> Brief
Of all the entries below, retype only the lines from the one with "End ProdRing." through the one with "Definition multiplicative (S", exactly as they appear.

Stored items:
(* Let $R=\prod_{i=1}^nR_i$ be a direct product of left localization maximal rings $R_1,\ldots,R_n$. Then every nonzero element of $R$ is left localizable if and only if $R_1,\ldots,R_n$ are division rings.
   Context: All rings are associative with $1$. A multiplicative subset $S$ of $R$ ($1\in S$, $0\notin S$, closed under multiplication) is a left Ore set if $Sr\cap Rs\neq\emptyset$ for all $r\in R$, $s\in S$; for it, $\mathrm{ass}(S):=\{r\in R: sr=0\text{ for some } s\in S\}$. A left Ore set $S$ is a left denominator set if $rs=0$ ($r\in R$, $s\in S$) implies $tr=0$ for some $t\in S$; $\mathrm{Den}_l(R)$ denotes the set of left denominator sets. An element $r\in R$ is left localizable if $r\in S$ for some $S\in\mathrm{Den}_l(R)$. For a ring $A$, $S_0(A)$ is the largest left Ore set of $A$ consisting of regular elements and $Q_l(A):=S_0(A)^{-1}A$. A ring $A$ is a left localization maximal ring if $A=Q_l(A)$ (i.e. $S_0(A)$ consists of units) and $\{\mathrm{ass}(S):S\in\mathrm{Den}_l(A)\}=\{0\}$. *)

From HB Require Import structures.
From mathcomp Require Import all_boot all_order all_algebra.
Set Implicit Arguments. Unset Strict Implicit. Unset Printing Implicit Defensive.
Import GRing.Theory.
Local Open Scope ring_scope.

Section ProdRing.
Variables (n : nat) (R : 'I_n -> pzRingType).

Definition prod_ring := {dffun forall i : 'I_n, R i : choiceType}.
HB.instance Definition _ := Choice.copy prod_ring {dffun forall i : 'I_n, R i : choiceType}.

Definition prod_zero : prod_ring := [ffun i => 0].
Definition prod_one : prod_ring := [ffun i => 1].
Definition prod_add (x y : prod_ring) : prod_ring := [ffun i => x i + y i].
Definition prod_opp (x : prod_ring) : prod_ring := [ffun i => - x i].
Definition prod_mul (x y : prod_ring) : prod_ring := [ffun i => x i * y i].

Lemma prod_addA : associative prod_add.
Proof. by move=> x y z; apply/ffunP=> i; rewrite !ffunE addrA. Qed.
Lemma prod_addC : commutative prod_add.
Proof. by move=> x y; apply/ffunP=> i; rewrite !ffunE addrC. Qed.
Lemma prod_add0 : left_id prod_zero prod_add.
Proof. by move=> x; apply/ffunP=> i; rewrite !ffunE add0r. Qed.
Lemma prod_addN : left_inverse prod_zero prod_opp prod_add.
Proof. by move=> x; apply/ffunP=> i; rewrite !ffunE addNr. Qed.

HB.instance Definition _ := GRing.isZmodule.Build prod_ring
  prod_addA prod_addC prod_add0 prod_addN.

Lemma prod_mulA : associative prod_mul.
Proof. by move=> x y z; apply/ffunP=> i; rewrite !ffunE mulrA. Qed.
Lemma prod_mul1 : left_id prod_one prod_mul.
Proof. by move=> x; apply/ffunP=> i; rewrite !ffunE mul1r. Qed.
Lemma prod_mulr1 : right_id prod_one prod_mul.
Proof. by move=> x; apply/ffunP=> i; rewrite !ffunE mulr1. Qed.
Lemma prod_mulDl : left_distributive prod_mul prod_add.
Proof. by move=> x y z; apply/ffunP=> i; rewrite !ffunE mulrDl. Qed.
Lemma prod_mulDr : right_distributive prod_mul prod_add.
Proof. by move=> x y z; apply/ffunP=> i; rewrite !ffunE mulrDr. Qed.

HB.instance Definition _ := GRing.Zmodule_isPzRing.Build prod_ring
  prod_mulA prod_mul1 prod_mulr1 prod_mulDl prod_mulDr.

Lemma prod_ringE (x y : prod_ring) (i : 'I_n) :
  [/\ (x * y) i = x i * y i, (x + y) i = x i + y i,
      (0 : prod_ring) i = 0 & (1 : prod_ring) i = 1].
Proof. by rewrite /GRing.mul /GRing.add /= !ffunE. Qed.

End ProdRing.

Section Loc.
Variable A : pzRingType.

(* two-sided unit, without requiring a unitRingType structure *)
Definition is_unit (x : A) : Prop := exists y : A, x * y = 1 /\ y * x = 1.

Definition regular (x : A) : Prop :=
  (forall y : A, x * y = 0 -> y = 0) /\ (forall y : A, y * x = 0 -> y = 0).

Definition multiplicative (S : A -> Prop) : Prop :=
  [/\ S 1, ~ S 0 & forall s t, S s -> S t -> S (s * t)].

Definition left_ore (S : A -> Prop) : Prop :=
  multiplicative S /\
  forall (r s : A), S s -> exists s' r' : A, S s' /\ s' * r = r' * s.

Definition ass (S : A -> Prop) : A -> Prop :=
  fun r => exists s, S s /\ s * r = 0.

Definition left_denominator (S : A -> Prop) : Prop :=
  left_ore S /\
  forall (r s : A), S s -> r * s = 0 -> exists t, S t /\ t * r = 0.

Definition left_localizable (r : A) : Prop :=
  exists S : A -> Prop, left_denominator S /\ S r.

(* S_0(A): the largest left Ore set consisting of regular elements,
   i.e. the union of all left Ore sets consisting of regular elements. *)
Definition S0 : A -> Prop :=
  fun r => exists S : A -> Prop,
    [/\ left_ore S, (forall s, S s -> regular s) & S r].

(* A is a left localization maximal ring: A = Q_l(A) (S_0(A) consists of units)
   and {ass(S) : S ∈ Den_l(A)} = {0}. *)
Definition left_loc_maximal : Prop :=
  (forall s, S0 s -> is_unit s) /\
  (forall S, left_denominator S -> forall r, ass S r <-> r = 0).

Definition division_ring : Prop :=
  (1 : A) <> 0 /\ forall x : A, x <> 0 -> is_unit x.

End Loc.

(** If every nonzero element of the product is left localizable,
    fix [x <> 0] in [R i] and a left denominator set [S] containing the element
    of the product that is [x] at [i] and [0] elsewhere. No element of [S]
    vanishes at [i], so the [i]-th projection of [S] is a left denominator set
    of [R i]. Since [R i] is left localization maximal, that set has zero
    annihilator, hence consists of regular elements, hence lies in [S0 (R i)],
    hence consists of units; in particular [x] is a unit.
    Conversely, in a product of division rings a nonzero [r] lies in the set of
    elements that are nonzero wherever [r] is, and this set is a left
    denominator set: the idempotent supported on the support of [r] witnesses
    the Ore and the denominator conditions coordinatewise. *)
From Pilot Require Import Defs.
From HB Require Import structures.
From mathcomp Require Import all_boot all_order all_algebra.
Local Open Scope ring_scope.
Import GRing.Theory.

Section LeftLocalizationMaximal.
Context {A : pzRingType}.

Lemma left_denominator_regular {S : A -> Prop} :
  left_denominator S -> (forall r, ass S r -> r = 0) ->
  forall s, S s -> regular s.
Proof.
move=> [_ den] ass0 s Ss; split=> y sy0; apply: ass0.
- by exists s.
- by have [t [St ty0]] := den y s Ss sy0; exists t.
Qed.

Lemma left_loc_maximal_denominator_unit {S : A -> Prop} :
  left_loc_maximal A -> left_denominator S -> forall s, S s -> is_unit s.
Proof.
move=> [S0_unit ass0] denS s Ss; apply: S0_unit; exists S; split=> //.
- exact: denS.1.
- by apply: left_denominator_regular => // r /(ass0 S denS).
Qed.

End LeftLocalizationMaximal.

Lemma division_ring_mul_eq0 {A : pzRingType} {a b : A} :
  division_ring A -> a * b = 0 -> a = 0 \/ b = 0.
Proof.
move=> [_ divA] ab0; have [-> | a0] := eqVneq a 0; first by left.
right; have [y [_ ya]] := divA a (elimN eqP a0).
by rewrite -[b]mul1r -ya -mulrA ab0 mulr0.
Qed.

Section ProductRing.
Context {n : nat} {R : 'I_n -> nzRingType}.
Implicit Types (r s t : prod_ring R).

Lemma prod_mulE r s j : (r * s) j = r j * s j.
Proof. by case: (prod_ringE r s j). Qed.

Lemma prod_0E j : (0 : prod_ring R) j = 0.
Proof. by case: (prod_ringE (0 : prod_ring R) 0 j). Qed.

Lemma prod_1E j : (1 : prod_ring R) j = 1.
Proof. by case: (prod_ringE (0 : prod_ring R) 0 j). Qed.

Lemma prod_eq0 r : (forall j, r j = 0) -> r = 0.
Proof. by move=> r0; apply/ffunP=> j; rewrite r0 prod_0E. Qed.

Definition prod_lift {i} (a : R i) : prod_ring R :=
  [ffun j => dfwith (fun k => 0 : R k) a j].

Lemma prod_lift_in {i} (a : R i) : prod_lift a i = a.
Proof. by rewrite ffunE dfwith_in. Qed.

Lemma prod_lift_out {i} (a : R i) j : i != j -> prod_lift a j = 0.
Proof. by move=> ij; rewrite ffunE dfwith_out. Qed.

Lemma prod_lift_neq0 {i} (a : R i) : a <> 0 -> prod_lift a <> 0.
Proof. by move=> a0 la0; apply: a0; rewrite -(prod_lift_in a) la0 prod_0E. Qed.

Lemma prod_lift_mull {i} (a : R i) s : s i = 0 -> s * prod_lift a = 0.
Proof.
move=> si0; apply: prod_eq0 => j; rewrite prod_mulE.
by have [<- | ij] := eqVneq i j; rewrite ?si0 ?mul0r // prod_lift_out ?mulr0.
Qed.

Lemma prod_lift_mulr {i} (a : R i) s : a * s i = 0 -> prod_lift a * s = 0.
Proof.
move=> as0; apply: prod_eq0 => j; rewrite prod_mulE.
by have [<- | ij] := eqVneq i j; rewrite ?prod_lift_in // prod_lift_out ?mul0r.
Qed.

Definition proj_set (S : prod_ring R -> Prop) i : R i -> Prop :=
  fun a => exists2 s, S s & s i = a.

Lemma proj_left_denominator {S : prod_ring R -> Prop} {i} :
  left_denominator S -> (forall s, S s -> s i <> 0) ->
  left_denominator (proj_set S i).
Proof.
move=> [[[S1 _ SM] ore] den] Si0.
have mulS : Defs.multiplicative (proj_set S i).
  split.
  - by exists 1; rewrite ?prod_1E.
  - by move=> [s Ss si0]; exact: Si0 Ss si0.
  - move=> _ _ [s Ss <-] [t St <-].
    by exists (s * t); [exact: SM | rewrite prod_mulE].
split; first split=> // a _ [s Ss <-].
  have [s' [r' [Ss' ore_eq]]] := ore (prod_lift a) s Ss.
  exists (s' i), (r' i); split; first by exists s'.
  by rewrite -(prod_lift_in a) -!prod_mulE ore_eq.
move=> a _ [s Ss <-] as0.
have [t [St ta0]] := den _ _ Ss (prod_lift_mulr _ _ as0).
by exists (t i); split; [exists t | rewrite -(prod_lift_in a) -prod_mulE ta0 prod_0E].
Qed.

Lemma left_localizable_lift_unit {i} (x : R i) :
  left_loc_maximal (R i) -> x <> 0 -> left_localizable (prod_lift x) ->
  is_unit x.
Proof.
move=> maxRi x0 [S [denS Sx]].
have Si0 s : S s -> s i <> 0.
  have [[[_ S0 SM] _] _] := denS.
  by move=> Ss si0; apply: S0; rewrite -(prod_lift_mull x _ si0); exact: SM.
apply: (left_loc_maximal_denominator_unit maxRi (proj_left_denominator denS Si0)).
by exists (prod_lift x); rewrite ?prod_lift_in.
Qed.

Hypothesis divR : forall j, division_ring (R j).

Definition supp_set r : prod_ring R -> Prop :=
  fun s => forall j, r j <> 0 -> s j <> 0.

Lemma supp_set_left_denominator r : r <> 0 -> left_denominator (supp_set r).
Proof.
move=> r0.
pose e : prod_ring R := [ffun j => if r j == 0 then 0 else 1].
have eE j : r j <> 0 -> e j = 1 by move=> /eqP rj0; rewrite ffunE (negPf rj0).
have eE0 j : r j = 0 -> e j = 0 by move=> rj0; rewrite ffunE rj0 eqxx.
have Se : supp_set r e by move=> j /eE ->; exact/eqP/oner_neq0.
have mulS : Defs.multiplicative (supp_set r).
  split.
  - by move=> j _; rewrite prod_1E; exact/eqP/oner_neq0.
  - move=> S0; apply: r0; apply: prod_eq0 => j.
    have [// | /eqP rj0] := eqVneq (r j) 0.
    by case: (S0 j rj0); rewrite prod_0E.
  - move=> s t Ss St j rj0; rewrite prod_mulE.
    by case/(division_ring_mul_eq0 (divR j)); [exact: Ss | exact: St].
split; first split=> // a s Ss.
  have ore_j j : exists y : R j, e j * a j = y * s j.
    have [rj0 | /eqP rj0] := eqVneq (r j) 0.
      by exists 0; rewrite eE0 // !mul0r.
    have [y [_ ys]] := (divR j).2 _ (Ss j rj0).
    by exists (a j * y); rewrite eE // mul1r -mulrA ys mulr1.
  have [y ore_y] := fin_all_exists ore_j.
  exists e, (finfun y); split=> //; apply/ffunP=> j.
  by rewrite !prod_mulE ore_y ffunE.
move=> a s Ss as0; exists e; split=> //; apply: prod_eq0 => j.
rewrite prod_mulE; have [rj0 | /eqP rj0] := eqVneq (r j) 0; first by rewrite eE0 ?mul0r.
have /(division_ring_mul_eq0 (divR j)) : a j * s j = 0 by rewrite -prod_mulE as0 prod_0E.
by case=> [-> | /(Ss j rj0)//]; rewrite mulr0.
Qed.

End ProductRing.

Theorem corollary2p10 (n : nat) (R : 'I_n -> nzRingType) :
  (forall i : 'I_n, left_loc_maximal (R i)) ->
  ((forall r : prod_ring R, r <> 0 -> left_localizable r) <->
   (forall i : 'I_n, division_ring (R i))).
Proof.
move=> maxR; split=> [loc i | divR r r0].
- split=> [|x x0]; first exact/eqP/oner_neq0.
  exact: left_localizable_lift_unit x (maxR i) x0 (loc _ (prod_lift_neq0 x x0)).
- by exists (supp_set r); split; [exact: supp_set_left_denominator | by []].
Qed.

> Result for this exercise
End ProdRing.

Section Loc.
Variable A : pzRingType.

(* two-sided unit, without requiring a unitRingType structure *)
Definition is_unit (x : A) : Prop := exists y : A, x * y = 1 /\ y * x = 1.

Definition regular (x : A) : Prop :=
  (forall y : A, x * y = 0 -> y = 0) /\ (forall y : A, y * x = 0 -> y = 0).

Definition multiplicative (S : A -> Prop) : Prop :=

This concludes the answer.